(* Let $b\ge0$, $M>0$ and $0\le\alpha<1$. Let $p(z)=1+c_1z+c_2z^2+\cdots$ be analytic in $\mathbb{D}$ with $|c_1|=2b$ and $|c_n|\le2M$ for all $n\ge2$. Put \[r_0=r_0(\alpha)=\frac{2(1-\alpha)}{1-\alpha+2b+\sqrt{(1-\alpha+2b)^2+8(1-\alpha)(M-b)}}.\] Then $|p(z)-1|\le1-\alpha$ for $|z|\le r_0$, and $\operatorname{Re}p(z)>\alpha$ for $|z|<r_0$. These results are sharp: the function $p_0(z)=1-2bz-2M\frac{z^2}{1-z}$ satisfies the hypotheses and $p_0(r_0)=\alpha$, so that $|p_0(r_0)-1|=1-\alpha$.
   Context: $\mathbb{D}=\{z\in\mathbb{C}:|z|<1\}$. *)

From HB Require Import structures.
From mathcomp Require Import all_boot all_order all_algebra.
From mathcomp Require Import complex.
From mathcomp Require Import all_classical all_reals all_analysis.
Set Implicit Arguments. Unset Strict Implicit. Unset Printing Implicit Defensive.
Import Order.TTheory GRing.Theory Num.Theory.
Local Open Scope ring_scope.
Local Open Scope complex_scope.
Local Open Scope classical_set_scope.

HB.instance Definition _ (R : rcfType) := PseudoPointedMetric.copy R[i] R[i]^o.
HB.instance Definition _ (R : rcfType) := NormedModule.copy R[i] R[i]^o.

(* p is analytic in the unit disk D with Taylor coefficients c:
   for every z in D, the power series sum_k c_k z^k converges to p z. *)
Definition taylor_in_disk (R : realType) (c : nat -> R[i]) (p : R[i] -> R[i]) :=
  forall z : R[i], `|z| < 1 ->
    (fun n => \sum_(0 <= k < n) c k * z ^+ k) @ \oo --> p z.

Definition r0 (R : realType) (b M alpha : R) : R :=
  2 * (1 - alpha) /
  (1 - alpha + 2 * b
   + Num.sqrt ((1 - alpha + 2 * b) ^+ 2 + 8 * (1 - alpha) * (M - b))).

Definition p0 (R : realType) (b M : R) (z : R[i]) : R[i] :=
  1 - (2 * b)%:C * z - (2 * M)%:C * (z ^+ 2 / (1 - z)).

Definition c0 (R : realType) (b M : R) (n : nat) : R[i] :=
  if n == 0%N then 1 else if n == 1%N then - (2 * b)%:C else - (2 * M)%:C.

(** If [|z| = t < 1], the coefficient bounds give
    [|p z - 1| <= 2 b t + 2 M (t^2 + t^3 + ...) = 2 b t + 2 M t^2 / (1 - t)].
    This majorant is increasing on [[0, 1)], and clearing the denominator [1 - t]
    turns [majorant t = 1 - alpha] into the quadratic
    [2 (M - b) t^2 + (1 - alpha + 2 b) t = 1 - alpha], whose root in rationalized
    form is [r0].  Since [Re (1 - w) <= |1 - w|], the bound on [|p z - 1|] also
    gives [Re (p z) > alpha] inside the disk.  The extremal function [p0] has
    every coefficient bound attained with negative sign, so that
    [p0 t = 1 - majorant t] for real [t]. *)

From HB Require Import structures.
From mathcomp Require Import all_boot all_order all_algebra.
From mathcomp Require Import complex.
From mathcomp Require Import all_classical all_reals all_analysis.
From mathcomp Require Import ring lra.
Import Order.TTheory GRing.Theory Num.Theory Normc.
Set Implicit Arguments. Unset Strict Implicit.
Local Open Scope ring_scope.
Local Open Scope complex_scope.
Local Open Scope classical_set_scope.

Lemma sum_expr_mul1B (R : pzRingType) (x : R) (m n : nat) : (m <= n)%N ->
  (\sum_(m <= k < n) x ^+ k) * (1 - x) = x ^+ m - x ^+ n.
Proof.
move=> le_mn; rewrite mulr_suml -[RHS]opprB -(telescope_sumr (GRing.exp x) le_mn).
by rewrite -sumrN; apply: eq_bigr => k _; rewrite mulrBr mulr1 -exprSr opprB.
Qed.

Lemma sum_expr_le (R : realFieldType) (t : R) (m n : nat) : 0 <= t -> t < 1 ->
  \sum_(m <= k < n) t ^+ k <= t ^+ m / (1 - t).
Proof.
move=> t_ge0 t_lt1; rewrite ler_pdivlMr ?subr_gt0 //.
have [le_mn|lt_nm] := leqP m n.
  by rewrite sum_expr_mul1B // lerBlDr lerDl exprn_ge0.
by rewrite big_geq ?(ltnW lt_nm) // mul0r exprn_ge0.
Qed.

Lemma quadratic_root_rationalized (R : rcfType) (A B C r : R) :
  C != 0 -> 0 <= B ^+ 2 + 4 * A * C ->
  r * (B + Num.sqrt (B ^+ 2 + 4 * A * C)) = 2 * C -> A * r ^+ 2 + B * r = C.
Proof.
move=> C_neq0 D_ge0; have := sqr_sqrtr D_ge0.
move: (Num.sqrt _) => s s2 rs.
have /(congr1 (fun x => x ^+ 2)) : r * s = 2 * C - r * B by rewrite -rs; ring.
rewrite exprMn s2 => /eqP; rewrite -subr_eq0.
have -> : r ^+ 2 * (B ^+ 2 + 4 * A * C) - (2 * C - r * B) ^+ 2
  = (4 * C) * (A * r ^+ 2 + B * r - C) by ring.
by rewrite mulf_eq0 mulf_eq0 (negPf C_neq0) pnatr_eq0 /= subr_eq0 => /eqP.
Qed.

Definition majorant (R : realType) (b M t : R) : R :=
  2 * b * t + 2 * M * (t ^+ 2 / (1 - t)).

Lemma ltr_sqr_div1B (R : realFieldType) (s t : R) : 0 <= s -> s < t -> t < 1 ->
  s ^+ 2 / (1 - s) < t ^+ 2 / (1 - t).
Proof.
move=> s_ge0 lt_st t_lt1.
rewrite ltr_pdivrMr ?subr_gt0 ?(lt_trans lt_st) // mulrAC.
rewrite ltr_pdivlMr ?subr_gt0 //.
have : s ^+ 2 < t ^+ 2 by rewrite ltr_sqr ?nnegrE //; lra.
nra.
Qed.

Section MajorantMonotone.
Variables (R : realType) (b M : R).
Hypotheses (b_ge0 : 0 <= b) (M_gt0 : 0 < M).

Lemma majorant_lt (s t : R) : 0 <= s -> s < t -> t < 1 ->
  majorant b M s < majorant b M t.
Proof.
move=> s_ge0 lt_st t_lt1; rewrite /majorant.
have := ltr_sqr_div1B s_ge0 lt_st t_lt1.
rewrite -(ltr_pM2l (_ : 0 < 2 * M)) ?mulr_gt0 // => lt_sq.
have : 2 * b * s <= 2 * b * t by rewrite ler_wpM2l ?mulr_ge0 // ltW.
lra.
Qed.

Lemma majorant_le (s t : R) : 0 <= s -> s <= t -> t < 1 ->
  majorant b M s <= majorant b M t.
Proof.
move=> s_ge0; rewrite le_eqVlt => /orP[/eqP -> //|lt_st t_lt1].
exact/ltW/majorant_lt.
Qed.

End MajorantMonotone.

Section Radius.
Variables (R : realType) (b M alpha : R).
Hypotheses (M_gt0 : 0 < M) (alpha_lt1 : alpha < 1).

Let a := 1 - alpha.
Let D := (a + 2 * b) ^+ 2 + 8 * a * (M - b).

Let a_gt0 : 0 < a. Proof. by rewrite subr_gt0. Qed.

Let discrE : D = (a - 2 * b) ^+ 2 + 8 * a * M.
Proof. by rewrite /D; ring. Qed.

Let sqrt_discr_gt : a - 2 * b < Num.sqrt D.
Proof.
rewrite discrE; apply: (le_lt_trans (ler_norm _)); rewrite -sqrtr_sqr ltr_sqrt.
  by rewrite ltrDl !mulr_gt0.
by rewrite ltr_pwDr ?sqr_ge0 // !mulr_gt0.
Qed.

Let denom_gt0 : 0 < a + 2 * b + Num.sqrt D.
Proof. by have := sqrt_discr_gt; have := a_gt0; lra. Qed.

Lemma r0_lt1 : r0 b M alpha < 1.
Proof.
by rewrite /r0 -/a -/D ltr_pdivrMr // mul1r; have := sqrt_discr_gt; lra.
Qed.

Lemma majorant_r0 : majorant b M (r0 b M alpha) = 1 - alpha.
Proof.
have quad : 2 * (M - b) * r0 b M alpha ^+ 2 + (a + 2 * b) * r0 b M alpha = a.
  have DE : (a + 2 * b) ^+ 2 + 4 * (2 * (M - b)) * a = D by rewrite /D; ring.
  apply: quadratic_root_rationalized; rewrite ?DE ?lt0r_neq0 //.
    by rewrite discrE addr_ge0 ?sqr_ge0 // !mulr_ge0 // ltW.
  by rewrite /r0 -/a -/D divfK ?lt0r_neq0.
have r_neq1 : 1 - r0 b M alpha != 0 by rewrite subr_eq0 gt_eqF ?r0_lt1.
apply: (mulIf r_neq1); rewrite /majorant mulrDl -(mulrA (2 * M)) divfK //.
by move: quad; rewrite /a; lra.
Qed.

End Radius.

Lemma Re_le_normc (R : rcfType) (w : R[i]) : complex.Re w <= normc w.
Proof.
case: w => x y /=; apply: (le_trans (ler_norm x)).
by rewrite -sqrtr_sqr ler_wsqrtr // lerDl sqr_ge0.
Qed.

Lemma normc_le_of_cvg (R : realType) (u : nat -> R[i]) (l : R[i]) (e : R) :
  u @ \oo --> l -> (\forall n \near \oo, normc (u n) <= e) -> normc l <= e.
Proof.
move=> ul u_le; apply/ler_addgt0Pr => eps eps_gt0.
near \oo => n.
have : normc (l - u n) < eps.
  by rewrite -ltcR; near: n; move/cvgrPdist_lt : ul; apply; rewrite ltcR.
have := le_normcD (l - u n) (u n); rewrite subrK.
have : normc (u n) <= e by near: n.
lra.
Unshelve. all: by end_near.
Qed.

Lemma cvg0_normc_le (R : realType) (u : nat -> R[i]) (v : nat -> R) :
  v @ \oo --> 0 -> (\forall n \near \oo, normc (u n) <= v n) -> u @ \oo --> 0.
Proof.
move=> v0 u_le; apply/cvgr0Pnorm_lt => eps eps_gt0.
have epsE : eps = (complex.Re eps)%:C by rewrite RRe_real // gtr0_real.
have Re_eps_gt0 : 0 < complex.Re eps by rewrite -ltcR -epsE.
move/cvgr0Pnorm_lt : v0 => /(_ _ Re_eps_gt0) v_lt.
near=> n; rewrite epsE ltcR.
apply: (le_lt_trans (_ : normc (u n) <= v n)); first by near: n.
by apply: le_lt_trans (ler_norm _) _; near: n.
Unshelve. all: by end_near.
Qed.

Lemma normC_normr (R : rcfType) (w : R[i]) : (normc w)%:C = `|w|.
Proof. by []. Qed.

Lemma normcX (R : rcfType) (w : R[i]) (n : nat) : normc (w ^+ n) = normc w ^+ n.
Proof. by apply: complexI; rewrite rmorphXn !normC_normr normrX. Qed.

Lemma normc_ge0 (R : rcfType) (w : R[i]) : 0 <= normc w.
Proof. by rewrite -ler0c normC_normr. Qed.

Section TaylorBound.
Variables (R : realType) (b M : R) (c : nat -> R[i]).
Hypotheses (M_ge0 : 0 <= M) (c0_eq1 : c 0%N = 1) (normc_c1 : normc (c 1%N) = 2 * b)
  (normc_cn : forall n, (2 <= n)%N -> normc (c n) <= 2 * M).

Lemma normc_partial_sum_sub1_le (z : R[i]) (n : nat) :
  normc z < 1 -> (2 <= n)%N ->
  normc (\sum_(0 <= k < n) c k * z ^+ k - 1) <= majorant b M (normc z).
Proof.
move=> z_lt1 n_ge2; have t_ge0 := normc_ge0 z.
rewrite big_ltn ?(ltn_trans _ n_ge2) // big_ltn // c0_eq1 expr0 mulr1.
rewrite [1 + _]addrC addrK; apply: le_trans (le_normcD _ _) _.
have tail : normc (\sum_(2 <= k < n) c k * z ^+ k) <=
    2 * M * \sum_(2 <= k < n) normc z ^+ k.
  rewrite -lecR normC_normr mulr_sumr rmorph_sum.
  apply: le_trans (ler_norm_sum _ _ _) _.
  apply: ler_sum_nat => k /andP[k_ge2 _].
  rewrite rmorphM rmorphXn normrM normrX ler_wpM2r ?exprn_ge0 //.
  by rewrite lecR normc_cn.
rewrite normcM expr1 normc_c1 /majorant lerD2l.
apply: le_trans tail _; rewrite ler_wpM2l ?mulr_ge0 //.
exact: sum_expr_le.
Qed.

Lemma normc_sub1_le_majorant (p : R[i] -> R[i]) : taylor_in_disk c p ->
  forall z, normc z < 1 -> normc (p z - 1) <= majorant b M (normc z).
Proof.
move=> taylor_p z z_lt1.
apply: (normc_le_of_cvg (u := fun n => \sum_(0 <= k < n) c k * z ^+ k - 1)).
  have z_in_disk : `|z| < 1 by rewrite -normC_normr ltcR.
  by apply: cvgB (cvg_cst _); [typeclasses eauto | exact: taylor_p | typeclasses eauto].
near=> n; apply: normc_partial_sum_sub1_le => //.
by near: n; exact: nbhs_infty_ge.
Unshelve. all: by end_near.
Qed.

End TaylorBound.

Section Extremal.
Variables (R : realType) (b M : R).

Lemma p0_real (t : R) : p0 b M t%:C = (1 - majorant b M t)%:C.
Proof.
by rewrite /p0 /majorant !(rmorphB, rmorphD, rmorphM, rmorph1, fmorphV, rmorphXn) opprD addrA.
Qed.

Lemma c0_partial_sum (z : R[i]) (n : nat) : z != 1 -> (2 <= n)%N ->
  \sum_(0 <= k < n) c0 b M k * z ^+ k = p0 b M z + (2 * M)%:C * (z ^+ n / (1 - z)).
Proof.
move=> z_neq1 n_ge2; have z1_neq0 : 1 - z != 0 by rewrite subr_eq0 eq_sym.
rewrite big_ltn ?(ltn_trans _ n_ge2) // big_ltn // /c0 /= expr0 mulr1 expr1.
have -> : \sum_(2 <= k < n) c0 b M k * z ^+ k = - (2 * M)%:C * \sum_(2 <= k < n) z ^+ k.
  rewrite mulr_sumr; apply: eq_big_nat => k /andP[k_ge2 _].
  by rewrite /c0 (gtn_eqF (ltnW k_ge2)) (gtn_eqF k_ge2).
rewrite -[\sum_(2 <= k < n) _](mulfK z1_neq0) sum_expr_mul1B ?(ltnW n_ge2) //.
by rewrite /p0; field.
Qed.

Lemma taylor_in_disk_p0 : taylor_in_disk (c0 b M) (p0 b M).
Proof.
move=> z z_in_disk; have z_lt1 : normc z < 1 by rewrite -ltcR normC_normr.
have z_neq1 : z != 1 by apply: contraTneq z_lt1 => ->; rewrite normc1 ltxx.
pose w n := (2 * M)%:C * (z ^+ n / (1 - z)).
have w_cvg0 : w @ \oo --> 0.
  pose K := normc (2 * M)%:C / normc (1 - z).
  apply: (cvg0_normc_le (v := fun n => K * normc z ^+ n)).
    rewrite -(mulr0 K); apply: cvgMr.
    by apply: cvg_expr; rewrite ger0_norm ?normc_ge0.
  by near=> n; rewrite /w /K !normcM normcV normcX mulrA mulrAC.
rewrite -[p0 b M z]addr0.
apply: (@cvg_trans _ ((fun n => p0 b M z + w n) @ \oo)).
  apply: near_eq_cvg; near=> n; rewrite c0_partial_sum //.
  by near: n; exact: nbhs_infty_ge.
by apply: cvgD w_cvg0; exact: cvg_cst.
Unshelve. all: by end_near.
Qed.

End Extremal.

Theorem theorem4p1 (R : realType) (b M alpha : R) (c : nat -> R[i])
    (p : R[i] -> R[i]) :
  0 <= b -> 0 < M -> 0 <= alpha -> alpha < 1 ->
  c 0%N = 1 ->
  `|c 1%N| = (2 * b)%:C ->
  (forall n : nat, (2 <= n)%N -> `|c n| <= (2 * M)%:C) ->
  taylor_in_disk c p ->
  (forall z : R[i], `|z| <= (r0 b M alpha)%:C -> `|p z - 1| <= (1 - alpha)%:C) /\
  (forall z : R[i], `|z| < (r0 b M alpha)%:C -> alpha < complex.Re (p z)) /\
  (c0 b M 0%N = 1 /\
   `|c0 b M 1%N| = (2 * b)%:C /\
   (forall n : nat, (2 <= n)%N -> `|c0 b M n| <= (2 * M)%:C) /\
   taylor_in_disk (c0 b M) (p0 b M) /\
   p0 b M (r0 b M alpha)%:C = alpha%:C /\
   `|p0 b M (r0 b M alpha)%:C - 1| = (1 - alpha)%:C).
Proof.
move=> b_ge0 M_gt0 _ alpha_lt1 c0_eq1 c1_norm cn_norm taylor_p.
have normc_c1 : normc (c 1%N) = 2 * b by apply: complexI.
have normc_cn n : (2 <= n)%N -> normc (c n) <= 2 * M.
  by rewrite -lecR; exact: cn_norm.
have bound := normc_sub1_le_majorant (ltW M_gt0) c0_eq1 normc_c1 normc_cn taylor_p.
have r_lt1 := r0_lt1 b M_gt0 alpha_lt1.
have majorant_r := majorant_r0 b M_gt0 alpha_lt1.
have p0_r0 : p0 b M (r0 b M alpha)%:C = alpha%:C.
  by rewrite p0_real majorant_r opprB addrC subrK.
split.
  move=> z; rewrite -!normC_normr !lecR => z_le_r0.
  apply: le_trans (bound z (le_lt_trans z_le_r0 r_lt1)) _.
  by rewrite -majorant_r majorant_le // normc_ge0.
split.
  move=> z; rewrite -normC_normr ltcR => z_lt_r0.
  have := bound z (lt_trans z_lt_r0 r_lt1).
  have := majorant_lt b_ge0 M_gt0 (normc_ge0 z) z_lt_r0 r_lt1.
  have := Re_le_normc (1 - p z).
  by rewrite -normcN opprB raddfB /= majorant_r; lra.
have c0_norm n : (2 <= n)%N -> `|c0 b M n| = (2 * M)%:C.
  case: n => [|[|n]] // _.
  by rewrite /c0 /= normrN ger0_norm // ler0c mulr_ge0 // ltW.
split; first by [].
split; first by rewrite /c0 /= normrN ger0_norm // ler0c mulr_ge0.
split; first by move=> n /c0_norm ->.
split; first exact: taylor_in_disk_p0.
split; first exact: p0_r0.
rewrite p0_r0 -normrN opprB -[1]/(1%:C) -rmorphB.
by rewrite ger0_norm // ler0c subr_ge0 ltW.
Qed.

▸ EXERCISE: Each line from the top of the records through the one with "HB.instance Definition _ (R : rcfType) := NormedModule.copy" should be returned exactly. Leave out everything else.

▸ TASK SOLUTION:
(* Let $b\ge0$, $M>0$ and $0\le\alpha<1$. Let $p(z)=1+c_1z+c_2z^2+\cdots$ be analytic in $\mathbb{D}$ with $|c_1|=2b$ and $|c_n|\le2M$ for all $n\ge2$. Put \[r_0=r_0(\alpha)=\frac{2(1-\alpha)}{1-\alpha+2b+\sqrt{(1-\alpha+2b)^2+8(1-\alpha)(M-b)}}.\] Then $|p(z)-1|\le1-\alpha$ for $|z|\le r_0$, and $\operatorname{Re}p(z)>\alpha$ for $|z|<r_0$. These results are sharp: the function $p_0(z)=1-2bz-2M\frac{z^2}{1-z}$ satisfies the hypotheses and $p_0(r_0)=\alpha$, so that $|p_0(r_0)-1|=1-\alpha$.
   Context: $\mathbb{D}=\{z\in\mathbb{C}:|z|<1\}$. *)

From HB Require Import structures.
From mathcomp Require Import all_boot all_order all_algebra.
From mathcomp Require Import complex.
From mathcomp Require Import all_classical all_reals all_analysis.
Set Implicit Arguments. Unset Strict Implicit. Unset Printing Implicit Defensive.
Import Order.TTheory GRing.Theory Num.Theory.
Local Open Scope ring_scope.
Local Open Scope complex_scope.
Local Open Scope classical_set_scope.

HB.instance Definition _ (R : rcfType) := PseudoPointedMetric.copy R[i] R[i]^o.
HB.instance Definition _ (R : rcfType) := NormedModule.copy R[i] R[i]^o.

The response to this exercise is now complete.